Bowleg> dated beyond belief.
THX-1138> Basically Gleaming the Cube then
Bowleg> SEE! Corey Haim's brother ingest weird glowing drugs!
Bowleg> SEE! Corey Haim ravaged by real-life drug abuse!
Bowleg> SEE! An Arquette being an Arquette!
Bowleg> SEE! Annoying kids!
Bowleg> THRILL! To the Beverly Hills Guy
Ironf> So now the Japanese bottoms own the world
THX-1138> Nice Stay Puft marshmallow man hat
Ironf> That was Corey in his real life clothing
Bowleg> The day of Hitchcock's seemingly one-take movie is coming?
THX-1138> Shot on location with the men and women of Pacific Blue
Bowleg> Ladies and gentlemen, Roc.
Ironf> This role was made for Tiny Lister.......too bad he didn't get a call back for it
THX-1138> See Patricia Arquette smile and show off her crooked tooth.
Bowleg> And now, bad rock.
Ironf> Barber Shop Quartet members of the Fuuutuuure!

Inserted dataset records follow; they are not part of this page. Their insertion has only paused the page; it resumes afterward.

Lemma fullWs_act i l N g : sub i l -> (N <= (size l).+1)%N -> G g ->
  (fullWs i l N *m act g i l <= fullWs i l N)%MS.
Proof.
move=> sil lNl Gg; apply: submx_trans (sumsmx_seqMr _ _ _) _.
apply/sumsmx_seq_subP => k kN; move: (kN); rewrite mem_index_iota => /andP[lk1 lkN].
apply: (sumsmx_seq_sup k kN); rewrite !genmxE (eqmxMr _ (genmxE _)).
rewrite castcols_mulmx_act_take_drop; last by lia.
have sWV : (W i (take k l) <= VG i (take k l))%MS by apply: W_take_sub_fixmx => //; lia.
rewrite tensmx_mul mul1mx (fixmx_mulmx sWV Gg).
by apply/castcolsS/tensmxS; rewrite ?submx1.
Qed.

Lemma fullW_take i l k b : (k <= b)%N -> (b <= size l)%N ->
  (castcols (Dim i l) ((1%:M : 'M_(Dim (cv i l b) (drop b l))) *t fullW i (take b l) k)
    :=: fullW i l k)%MS.
Proof.
move=> lkb lbl; apply: eqmx_trans (castcols_tensmxA_take _ _ _ lkb lbl) _.
rewrite /fullW take_takel //; apply: castcols_tensmx_full; last exact: row_full1.
by rewrite row_full_castcols ?Dim_drop_take // row_full_tensmx ?row_full1.
Qed.

Lemma fullWs_take i l b : (b <= size l)%N ->
  (fullWs i l b :=: castcols (Dim i l)
     ((1%:M : 'M_(Dim (cv i l b) (drop b l))) *t fullWs i (take b l) b))%MS.
Proof.
move=> lbl; apply/eqmxP/andP; split.
  apply/sumsmx_seq_subP => k kb; move: (kb); rewrite mem_index_iota => /andP[_ lkb].
  rewrite genmxE -(fullW_take i (ltnW lkb) lbl); apply/castcolsS/tensmxS => //.
  by apply: (sumsmx_seq_sup k); rewrite ?genmxE.
apply: submx_trans (castcols_tensmx_sums _ _ _ _) _.
apply/sumsmx_seq_subP => k kb; move: (kb); rewrite mem_index_iota => /andP[_ lkb].
apply: (sumsmx_seq_sup k kb); rewrite !genmxE -(fullW_take i (ltnW lkb) lbl).
by apply/castcolsS/tensmxS; rewrite ?genmxE.
Qed.
Lemma outrate_W (n : Wst c) :
  summableS (offQ Qr (inr n)) /\ outrate Qr (inr n) = Wtotal n.2 - QWW n n.
Proof.
have offQ_WW L sg : offQ Qr (inr n) (inr (L, sg)) =
    QWW n (L, sg) - (if (L, sg) == n then QWW n n else 0).
  rewrite /offQ; case: eqP => [[->]|ne]; first by rewrite eqxx; ring.
  rewrite Qr_WW => [|E]; last by apply: ne; rewrite E.
  by case: eqP => [E|_]; [case: ne; rewrite E | ring].
have ser : is_series (Wsum (offQ Qr (inr n))) (Wstay_rate n - QWW n n).
  apply: (is_series_ext (fun L => plus (\rsum_(sg : cfg c) QWW n (L, sg))
      (opp (if L == n.1 then QWW n n else 0)))).
    by move=> L; rewrite /Wsum (eq_bigr _ (fun sg _ => offQ_WW L sg)) big_minus sum_pair_eq.
  apply: is_series_plus; [exact: is_series_QWW | apply: is_series_opp; exact: is_series_delta].
split; first by eexists; exact: ser.
rewrite /outrate /sumS (is_series_unique _ _ ser) Wtotal_split.
have -> : \rsum_(v : V) offQ Qr (inr n) (inl v) = QWV_total a b cr d n.
  by case: Hs => _ [_ [_ [_ [QWV _]]]]; rewrite -QWV; apply: eq_bigr.
ring.
Qed.

Lemma summableS_offQ x : summableS (offQ Qr x).
Proof.
case: x => [v|n]; last by case: (outrate_W n).
by case: Hs => _ [_ [_ [_ [_ [_ V_summable]]]]].
Qed.

Lemma outrate_bounded : exists B, forall x, outrate Qr x <= B.
Proof.
exists (\rsum_(v : V) outrate Qr (inl v) + \rsum_(sg : cfg c) Wtotal sg) => x.
have V_ge0 : 0 <= \rsum_(v : V) outrate Qr (inl v).
  by apply: big_ge0 => v; exact: (outrate_ge0 Qr_ge0 summableS_offQ).
have W_ge0 : 0 <= \rsum_(sg : cfg c) Wtotal sg by apply: big_ge0 => sg; exact: Wtotal_ge0.
case: x => [v|n].
  have : outrate Qr (inl v) <= \rsum_(v : V) outrate Qr (inl v).
    apply: (big_term_le (fun v => outrate Qr (inl v))) => v'.
    exact: (outrate_ge0 Qr_ge0 summableS_offQ).
  lra.
have [_ ->] := outrate_W n; have := QWW_ge0 n n.
have : Wtotal n.2 <= \rsum_(sg : cfg c) Wtotal sg by apply: big_term_le => sg; exact: Wtotal_ge0.
lra.
Qed.
End Rates.

Lemma sum_level_shift (L K n0 : nat) (F : nat -> R) : (K <= n0)%N ->
  \rsum_(j < L + K + 1) (if (L + K - j)%N == n0 then F j else 0) =
  if (n0 - K <= L)%N then F (L - (n0 - K))%N else 0.
Proof.
move=> Kn0; case: leqP => [le_n0K_L|lt_L_n0K]; last first.
  by apply: big1 => j _; case: eqP => // E; move: (ltn_ord j); lia.
rewrite (eq_bigr (fun j : 'I_(L + K + 1) => if (L + K - n0)%N == j then F j else 0)).
  rewrite big_ord_pick ifT; last by apply/ltP; lia.
  by congr F; lia.
move=> j _; have jlt := ltn_ord j.
have -> // : ((L + K - j)%N == n0) = ((L + K - n0)%N == j).
by apply/eqP/eqP; lia.
Qed.

Definition rhs_termR {c : nat} (K : nat) (a b cr d : 'I_c -> Z -> R)
    (y : nat -> cfg c -> R) (n0 : nat) (sg : cfg c) (i : 'I_c) (j : nat) : R :=
  let k := (Z.of_nat K - Z.of_nat j)%Z in
  let m0 := (n0 - K + j)%N in
  if sg i then a i k * y m0 (setbit sg i false) + cr i k * y m0 sg
  else b i k * y m0 sg + d i k * y m0 (setbit sg i true).

Section HighBalance.
Context {V : finType} {c K : nat} {a b cr d : 'I_c -> Z -> R}.
Context {Qr : Sst V c -> Sst V c -> R}.
Hypothesis Hs : process_structure K a b cr d Qr.
Notation S := (Sst V c).
Notation jrate := (jrate a b cr d).
Notation QWW := (QWW K a b cr d).
Notation rhs_termR := (rhs_termR K a b cr d).

Lemma flow_from_level (y : nat -> cfg c -> R) n0 sg L : (K <= n0)%N ->
  \rsum_(sg' : cfg c) y L sg' * QWW (L, sg') (n0, sg) =
  if (n0 - K <= L)%N then \rsum_(i < c) rhs_termR y n0 sg i (L - (n0 - K)) else 0.
Proof.
move=> Kn0; pose G i j sg' s :=
  if setbit sg' i s == sg then y L sg' * jrate i (Z.of_nat K - Z.of_nat j) (sg' i) s else 0.
rewrite (eq_bigr (fun sg' => \rsum_(i < c) \rsum_(j < L + K + 1) \rsum_(s : bool)
    (if (L + K - j)%N == n0 then G i j sg' s else 0))); last first.
  move=> sg' _; rewrite /Defs.QWW big_scal_l; apply: eq_bigr => i _.
  rewrite big_scal_l; apply: eq_bigr => j _; rewrite big_scal_l; apply: eq_bigr => s _.
  by rewrite /G xpair_eqE; case: (_ == n0); case: (_ == sg) => /=; ring.
rewrite exchange_big (eq_bigr (fun i => if (n0 - K <= L)%N
    then rhs_termR y n0 sg i (L - (n0 - K)) else 0)); first by case: ifP => //; rewrite big1.
move=> i _; rewrite exchange_big (eq_bigr (fun j : 'I_(L + K + 1) =>
    if (L + K - j)%N == n0 then \rsum_(sg' : cfg c) \rsum_(s : bool) G i j sg' s else 0)).
  rewrite (sum_level_shift _ _ _ (fun j => \rsum_(sg' : cfg c) \rsum_(s : bool) G i j sg' s)) //.
  rewrite sum_setbit; case: ifP => // le_n0K_L.
  rewrite /rhs_termR !setbit_i (_ : n0 - K + (L - (n0 - K)) = L)%N; last lia.
  by case: (sg i) (setbit_id sg i) => sg_id; rewrite /Defs.jrate sg_id; ring.
by move=> j _; case: eqP => // _; rewrite big1 // => sg' _; rewrite big1.
Qed.

Lemma Wsum_inflow (y : S -> R) n0 sg L : (K <= n0)%N ->
  Wsum (fun u => y u * offQ Qr u (inr (n0, sg))) L =
  (if (n0 - K <= L)%N
   then \rsum_(i < c) rhs_termR (fun m s => y (inr (m, s))) n0 sg i (L - (n0 - K)) else 0)
  - (if L == n0 then y (inr (n0, sg)) * QWW (n0, sg) (n0, sg) else 0).
Proof.
move=> Kn0; rewrite -flow_from_level // -(sum_pair_eq (n0, sg)) -big_minus.
apply: eq_bigr => sg' _; rewrite /offQ; case: eqP => [[<- <-]|ne].
  by rewrite !eqxx Rminus_eq_0 Rmult_0_r.
rewrite (Qr_WW Hs) // => [|E]; last by apply: ne; rewrite E.
by case: eqP => [E|_]; [case: ne; rewrite E | rewrite Rminus_0_r].
Qed.

Lemma balance_of_inner (y : S -> R) n0 sg (l : 'I_c -> R) : (K <= n0)%N ->
  (forall i, is_series (rhs_termR (fun m s => y (inr (m, s))) n0 sg i) (l i)) ->
  y (inr (n0, sg)) * Wtotal K a b cr d sg = \rsum_(i < c) l i ->
  y (inr (n0, sg)) * outrate Qr (inr (n0, sg)) = inflow Qr y (inr (n0, sg)).
Proof.
move=> Kn0 ser_l eq_l.
have ser : is_series (Wsum (fun u => y u * offQ Qr u (inr (n0, sg))))
    (\rsum_(i < c) l i - y (inr (n0, sg)) * QWW (n0, sg) (n0, sg)).
  apply: is_series_ext (is_series_minus _ _ _ _
    (is_series_shift _ _ (n0 - K) (is_series_big _ _ ser_l)) (is_series_delta n0 _)) => L.
  by rewrite Wsum_inflow.
rewrite /inflow /sumS (is_series_unique _ _ ser) -eq_l big1 => [|v _]; last first.
  by rewrite /offQ /= (Qr_V_high Hs) //; ring.
by have [_ ->] := outrate_W Hs (n0, sg); rewrite /=; ring.
Qed.
End HighBalance.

monkeyfingers> dangit the crack house is on fire
Ironf> ummm the house jumped right out in-front of me officer. really
Bowleg> but first, a bit of gay erotica.
THX-1138> Hard to believe Fox is picking this up as a series
THX-1138> The cast of Starlight Express!
THX-1138> Captain Eo on skates!
Bowleg> This is sort of like the Seven Samurai only with gay teens. and it's not good.
Ironf> Scatman Crothers looks on
Ironf> so pedophilic incestous subtext
Ironf> This movie is full of PIS
Bowleg> You know, if I were 8 I might enjoy this movie.
Ironf> and it were still the 80's
Bowleg> ah, the archetypical "wizened old black man mentor"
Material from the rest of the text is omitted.